The server can’t process any client requests until it’s found itself, so client_request waits for self_future to be resolved by calling self_future.result(). Once the future has been resolved, calling result() always returns immediately.

The search loop tries repeatedly for a minute to find self, by querying for each server’s id. It might catch an exception when querying; either because it’s trying to reach another server that hasn’t started yet, or it’s trying to reach itself but Flask hasn’t initialized on its background thread.

After the search loop completes we wait for app_done.result(): that means the main thread sleeps until the server thread exits, maybe because of a Control-C or some other signal.
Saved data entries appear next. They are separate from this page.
Lemma coef_mem p M : nc_coef p M != 0 -> M \in map snd p.
Proof.
apply: contraR => hM; rewrite /nc_coef big1_seq // => t /andP [/eqP ht tp].
by move: hM; rewrite -ht map_f.
Qed.

Lemma coef_mul p q M :
  nc_coef (nc_mul p q) M =
  \sum_(u <- undup (map snd p)) nc_coef p u *
     (if u == take (size u) M then nc_coef q (drop (size u) M) else 0).
Proof.
rewrite /nc_coef /nc_mul big_flatten big_map.
rewrite -(regroup p (fun u => if u == take (size u) M then
      \sum_(t <- q | t.2 == drop (size u) M) t.1 else 0)).
apply: eq_bigr => a _; rewrite big_map /=.
case: ifP => ha.
  rewrite mulr_sumr big_mkcond [RHS]big_mkcond; apply: eq_bigr => b _ /=.
  by rewrite cat_eqE ha /=; case: ifP.
by rewrite big1 ?mulr0 // => b; rewrite cat_eqE ha.
Qed.

Lemma coef_endo f p M :
  nc_coef (endo f p) M = \sum_(t <- p) t.1 * nc_coef (endo_word f t.2) M.
Proof.
rewrite /nc_coef /endo big_flatten big_map; apply: eq_bigr => t _.
exact: coef_scale.
Qed.

Lemma coef_endo_undup f p M :
  nc_coef (endo f p) M =
  \sum_(u <- undup (map snd p)) nc_coef p u * nc_coef (endo_word f u) M.
Proof. by rewrite coef_endo (regroup p (fun u => nc_coef (endo_word f u) M)). Qed.

Lemma coef_endo_letter f i M : nc_coef (endo_word f [:: i]) M = nc_coef (f i) M.
Proof.
rewrite /nc_coef /= /nc_mul /nc_one big_flatten big_map [RHS]big_mkcond.
by apply: eq_bigr => a _; rewrite big_cons big_nil /= cats0 mulr1 addr0.
Qed.

Lemma tcoef_endo f (X : tens K) M N :
  tens_coef (endo_tens f X) (M, N) = \sum_(t <- X) t.1 *
     nc_coef (endo_word f t.2.1) M * nc_coef (endo_word f t.2.2) N.
Proof.
rewrite /tens_coef /endo_tens big_flatten big_map; apply: eq_bigr => t _.
rewrite big_flatten big_map /nc_coef -mulrA mulr_suml mulr_sumr.
rewrite [RHS]big_mkcond; apply: eq_bigr => a _.
rewrite big_map; case ha: (a.2 == M).
  rewrite mulrA mulr_sumr big_mkcond [RHS]big_mkcond; apply: eq_bigr => b _ /=.
  by rewrite xpair_eqE ha /=; case: (b.2 == N); rewrite ?mulrA.
by rewrite big1 // => b; rewrite xpair_eqE ha.
Qed.

Lemma tcoef_braid (q : 'I_2 -> 'I_2 -> K) (X : tens K) M N :
  tens_coef (braid q X) (M, N) = braid_coef q N M * tens_coef X (N, M).
Proof.
rewrite /tens_coef /braid big_map mulr_sumr big_mkcond [RHS]big_mkcond.
apply: eq_bigr => [[c [u v]]] _ /=; rewrite !xpair_eqE andbC.
by case: ifP => [/andP [/eqP -> /eqP ->]|]; rewrite ?mulr0 // mulrC.
Qed.

Lemma leading_word p u : nc_coef p u != 0 ->
  exists L, nc_coef p L != 0 /\ forall v, nc_coef p v != 0 -> (wkey v <= wkey L)%N.
Proof.
move=> hu; set S := [seq v <- undup (map snd p) | nc_coef p v != 0].
have memS v : nc_coef p v != 0 -> v \in S.
  by move=> hv; rewrite mem_filter hv mem_undup coef_mem.
have hS : S != [::] by apply/eqP => h; have := memS u hu; rewrite h.
have [L LS hL] := exists_max wkey hS.
exists L; split; first by move: LS; rewrite mem_filter => /andP [].
by move=> v /memS /hL.
Qed.
Lemma apollonian_in_F D D' U : oriented_descartes D -> in_F D D' -> in_apollonian U ->
  exists2 D'', in_F D D'' & Wmat D'' = U *m Wmat D'.
Proof.
move=> odD inF; move: U; apply: apollonian_ind => [|i U _ [D'' inF'' WD'']].
  by exists D'; rewrite ?mul1mx.
have [E [rep WE]] := replacement_exists i (in_F_oriented odD inF'').
by exists E; [exact: inF_step rep | rewrite WE WD'' mulmxA].
Qed.

Lemma apollonian_exists E U : oriented_descartes E -> in_apollonian U ->
  exists E', oriented_descartes E' /\ Wmat E' = U *m Wmat E.
Proof.
move=> odE; move: U; apply: apollonian_ind => [|i U _ [E1 [odE1 WE1]]].
  by exists E; rewrite mul1mx.
have [E' [[_ odE' _ _ _] WE']] := replacement_exists i odE1.
by exists E'; rewrite WE' WE1 mulmxA.
Qed.

Variables (D : config R).
Hypothesis odD : oriented_descartes D.

Lemma Wmat_cancel (A B : 'M[R]_4) : A *m Wmat D = B *m Wmat D -> A = B.
Proof. exact: (can_inj (mulmxK (Wmat_unit (oriented_descartes_gram odD)))). Qed.

Lemma in_DP_apollonian E U E' : in_DP D E -> in_apollonian U ->
  oriented_descartes E' -> Wmat E' = U *m Wmat E -> in_DP D E'.
Proof.
move=> [odE [D1 [inF1 same1]]] AU odE' WE'; split=> //.
have [s [b WE]] := same_uu_spmx odE (in_F_oriented odD inF1) same1.
have [U' AU' UE] := apollonian_mul_spmx s b AU.
have [D2 inF2 WD2] := apollonian_in_F odD inF1 AU'.
exists D2; split=> //; apply: (@spmx_same_uu _ _ _ s b).
- exact: oriented_descartes_wf odE'.
- exact: oriented_descartes_wf (in_F_oriented odD inF2).
- by rewrite WE' WE mulmxA UE -mulmxA WD2.
Qed.

Lemma in_DP_spconf s b : in_DP D (spconf s b D).
Proof.
split; first exact: oriented_descartes_spconf.
exists D; split; first exact: inF_refl.
apply: (@spmx_same_uu _ _ _ s b); rewrite ?Wmat_spconf //.
- exact: oriented_descartes_wf (oriented_descartes_spconf s b odD).
- exact: oriented_descartes_wf.
Qed.

Lemma apo_orbit_spconf_inj s1 b1 s2 b2 E :
  apo_orbit (spconf s1 b1 D) E -> apo_orbit (spconf s2 b2 D) E -> s1 = s2 /\ b1 = b2.
Proof.
move=> [_ [U1 [AU1 WE1]]] [_ [U2 [AU2 WE2]]].
apply: (spmx_apollonian_inj AU1 AU2); apply: Wmat_cancel.
by rewrite -!mulmxA -!Wmat_spconf -WE1 -WE2.
Qed.

Lemma in_DP_orbit E : in_DP D E <-> exists s b, apo_orbit (spconf s b D) E.
Proof.
split=> [[odE [D1 [inF1 same1]]] | [s [b [odE [U [AU WE]]]]]].
  have [s [b WE]] := same_uu_spmx odE (in_F_oriented odD inF1) same1.
  have [U AU WD1] := in_F_apollonian inF1.
  have [U' AU' UE] := spmx_mul_apollonian s b AU.
  exists s, b; split=> //; exists U'; split=> //.
  by rewrite Wmat_spconf WE WD1 mulmxA UE mulmxA.
exact: in_DP_apollonian (in_DP_spconf s b) AU odE WE.
Qed.

Lemma orbit_unique_rep s b D' : in_F D D' ->
  exists E, [/\ apo_orbit (spconf s b D) E, same_uu E D' &
    forall E2, apo_orbit (spconf s b D) E2 -> same_uu E2 D' -> forall i, E2 i = E i].
Proof.
move=> inF; have odD' := in_F_oriented odD inF.
have [U AU WD'] := in_F_apollonian inF.
have [U' AU' UE] := spmx_mul_apollonian s b AU.
exists (spconf s b D'); split.
- split; first exact: oriented_descartes_spconf.
  by exists U'; split; rewrite // !Wmat_spconf WD' mulmxA UE mulmxA.
- apply: (@spmx_same_uu _ _ _ s b); rewrite ?Wmat_spconf //.
  + exact: oriented_descartes_wf (oriented_descartes_spconf s b odD').
  + exact: oriented_descartes_wf.
- move=> E2 [odE2 [U2 [AU2 WE2]]] same2.
  have [s2 [b2 WE2']] := same_uu_spmx odE2 odD' same2.
  have [U3 AU3 UE3] := spmx_mul_apollonian s2 b2 AU.
  have [<- <-] : s2 = s /\ b2 = b.
    apply: (spmx_apollonian_inj AU3 AU2); apply: Wmat_cancel.
    by rewrite -UE3 -mulmxA -WD' -WE2' WE2 Wmat_spconf mulmxA.
  apply: Wmat_inj; rewrite ?Wmat_spconf //.
  + exact: oriented_descartes_wf.
  + exact: oriented_descartes_wf (oriented_descartes_spconf s2 b2 odD').
Qed.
Clean and clear, right? If I had rewritten this with asyncio I couldn’t use Flask, the most popular web framework, and I couldn’t use Requests, the most popular client library. (Requests doesn’t support asyncio.) I would’ve had to rewrite everything to use asyncio. But with threads, I can implement this advanced control flow in a straightforward and legible manner, and I can still use Flask and Requests.

Cool Threads

The elegant young lady wearing modern sunglasses.

Threads are cool. Don’t let the asyncio kids make you feel like a nerd.

Threads are a better choice than asyncio for most concurrent programs. They’re at least as fast as asyncio, they’re compatible with the popular frameworks, and with the techniques we looked at, using Futures and ThreadPoolExecutors, multi-threaded code can be safe and elegant.